Typically, disulfide bonds in proteins are reduced and alkylated prior to proteolysis in order to disrupt structures and simplify peptide analysis. This allows better access to all residues during proteolysis and removes the crosslinked peptides created by S-S inter peptide linkages. There are a variety of reagent options for these steps. For reduction, the typical agents used are 5-15 mM concentration of TCEP/DTT/2BME. For the following alkylation step, a slightly higher 10-20mM concentration, alkylating agent such as Chloroacetamide/iodoacetamide, n-ethyl maleimide can be used [PMID:29019370; @PMID:15351294; @PMID:28539326]. It is also possible to alklylate free cysteines with one reagent, reduce di-sulfide bonds (or other Cysteine modifications) and alkylate with a different reagent in order to monitor which residues are linked/modified in a protein [@PMID:32132231; @PMID:28445428; @PMID:23074338]. Reduction reactions are generally carried out in the dark at room temperature to avoid excessive off target alklation.

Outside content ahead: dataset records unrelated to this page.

(* The real inequality behind the short-list regime: with E the expected
   welfare, M <= 8QT (Q ~ M/(4T)) and M <= 4D (D the tail size). *)
Lemma short_list_arith (C' M T G Q D E : R) :
  1 <= C' -> 1 <= T -> 1 <= G -> 1 <= Q -> G * G * T <= M -> M <= 8%:R * Q * T ->
  M <= 4%:R * D -> 0 <= E -> E <= C' / (G * T) + G / D ->
  short_list_const C' * (M / T * (G + 1)) * E <= Q / (T + 1).
Proof.
move=> C'_ge1 T_ge1 G_ge1 Q_ge1 GGT_le M_le_Q M_le_D E_ge0 E_le.
have T_gt0 : 0 < T by lra.
have G_gt0 : 0 < G by lra.
have D_gt0 : 0 < D by nra.
have M_gt0 : 0 < M by nra.
have EG_le : E * (G + 1) <= (2%:R * C' + 8%:R) / T.
  apply: le_trans (ler_wpM2l E_ge0 (_ : G + 1 <= 2%:R * G)) _; first lra.
  apply: le_trans (ler_wpM2r (ltW (mulr_gt0 _ G_gt0)) E_le) _; first lra.
  have -> : (C' / (G * T) + G / D) * (2%:R * G) = 2%:R * C' / T + 2%:R * G * G / D.
    by field; rewrite !gt_eqF.
  have -> : (2%:R * C' + 8%:R) / T = 2%:R * C' / T + 8%:R / T by field; rewrite gt_eqF.
  rewrite lerD2l ler_pdivrMr // [X in _ <= X]mulrAC ler_pdivlMr //; nra.
have -> : short_list_const C' * (M / T * (G + 1)) * E
    = short_list_const C' * (M / T) * (E * (G + 1)) by ring.
rewrite /short_list_const.
apply: le_trans (ler_wpM2l _ EG_le) _.
  by apply: mulr_ge0; [rewrite invr_ge0; lra | apply: divr_ge0; lra].
have -> : (16%:R * (2%:R * C' + 8%:R))^-1 * (M / T) * ((2%:R * C' + 8%:R) / T)
    = M / (16%:R * T * T) by field; apply/andP; split; rewrite gt_eqF //; lra.
rewrite ler_pdivrMr; last by nra.
rewrite mulrAC ler_pdivlMr; last by lra.
nra.
Qed.
Definition eval_mono (xs : seq nat) : R := \prod_(i <- xs) env i.
Definition eval_term (t : sterm) : cl R :=
  ((scoef t)%:~R * eval_mono (smono t)) *: blade R (code_set (sblade t)).
Definition eval_expr (s : seq sterm) : cl R := \sum_(t <- s) eval_term t.
Definition eval_poly (P : spoly) : R := \sum_(p <- P) p.2%:~R * eval_mono p.1.

Lemma eval_mono_sort xs : eval_mono (sort leq xs) = eval_mono xs.
Proof. by apply: perm_big; rewrite perm_sort. Qed.

Lemma eval_mono_cat xs ys : eval_mono (xs ++ ys) = eval_mono xs * eval_mono ys.
Proof. by rewrite /eval_mono big_cat. Qed.

Lemma eval_smul_term t1 t2 :
  clmul (eval_term t1) (eval_term t2) = eval_term (smul_term t1 t2).
Proof.
rewrite /eval_term clmulZl clmulZr clmul_blade !scalerA clsgn_code -code_set_lxor.
congr (_ *: _); rewrite /smul_term /sblade /smono /scoef /= eval_mono_sort eval_mono_cat.
by rewrite !intrM rmorphXn /= rmorphN1 /GRing.scale /=; ring.
Qed.

Lemma eval_cat s1 s2 : eval_expr (s1 ++ s2) = eval_expr s1 + eval_expr s2.
Proof. by rewrite /eval_expr big_cat. Qed.

Lemma eval_smul s1 s2 : clmul (eval_expr s1) (eval_expr s2) = eval_expr (smul s1 s2).
Proof.
rewrite /eval_expr /smul big_allpairs_dep clmul_suml; apply: eq_bigr => t1 _.
by rewrite clmul_sumr; apply: eq_bigr => t2 _; rewrite eval_smul_term.
Qed.

Lemma eval_sneg s : - eval_expr s = eval_expr (sneg s).
Proof.
rewrite /eval_expr /sneg big_map -sumrN; apply: eq_bigr => t _.
by rewrite /eval_term /scoef /smono /sblade /= intrN mulNr scaleNr.
Qed.

Lemma eval_sscale P s : eval_poly P *: eval_expr s = eval_expr (sscale P s).
Proof.
rewrite /eval_expr /eval_poly /sscale big_allpairs_dep scaler_suml.
apply: eq_bigr => p _; rewrite scaler_sumr; apply: eq_bigr => t _.
rewrite /eval_term /scoef /smono /sblade /= scalerA eval_mono_sort eval_mono_cat intrM.
by congr (_ *: _); rewrite /GRing.scale /=; ring.
Qed.

Lemma eval_sgrade k s : grade k (eval_expr s) = eval_expr (sgrade k s).
Proof.
rewrite /eval_expr /sgrade big_filter (big_morph (grade k) (gradeD R k) (grade0 R k)).
rewrite [RHS]big_mkcond; apply: eq_bigr => t _.
by rewrite /eval_term gradeZ grade_blade card_code_set; case: ifP; rewrite ?scaler0.
Qed.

If extraction must take place in a buffer which is incompatible for efficient proteolysis (check the guidelines for the protease of choice), then protein cleanup should occur prior to digestion. This is generally performed through precipitation of proteins. The most common types are 1) acetone, 2) trichloroacetic acid (TCA), and 3) methanol/chloroform/water [@PMID:14753699; @PMID:19892180]. Proteins are generally insoluble in most pure organic solvents, so cold ethanol or methanol are sometimes used. Pellets should be washed with organic solvent for complete removal especially of detergents. Alternatively, solid phase based digestion methods such as S-trap [@PMID:33750040], FASP [@PMID:19377485; @PMID:30259475], SP3 [@PMID:3117935; @PMID:28948796] and on column/bead can allow for proteins to be applied to a solid phase and buffers removed prior to proteolysis [@PMID: 29754492]. Specialty detergent removal columns exist (Pierce/Thermo Fisher Scientific) but add expense and time consuming steps to the process. Additionally these should be checked for efficiency prior to implementing in a workflow with many samples as avoiding detergent contamination in the LC/MS is very important.
Often you will be given protein extraction conditions from molecular biologists or biochemistry which you will have to make work with downstream mass spectrometry applications. For bottom-up proteomics, the overreaching goal is efficient and consistent extraction and digestion.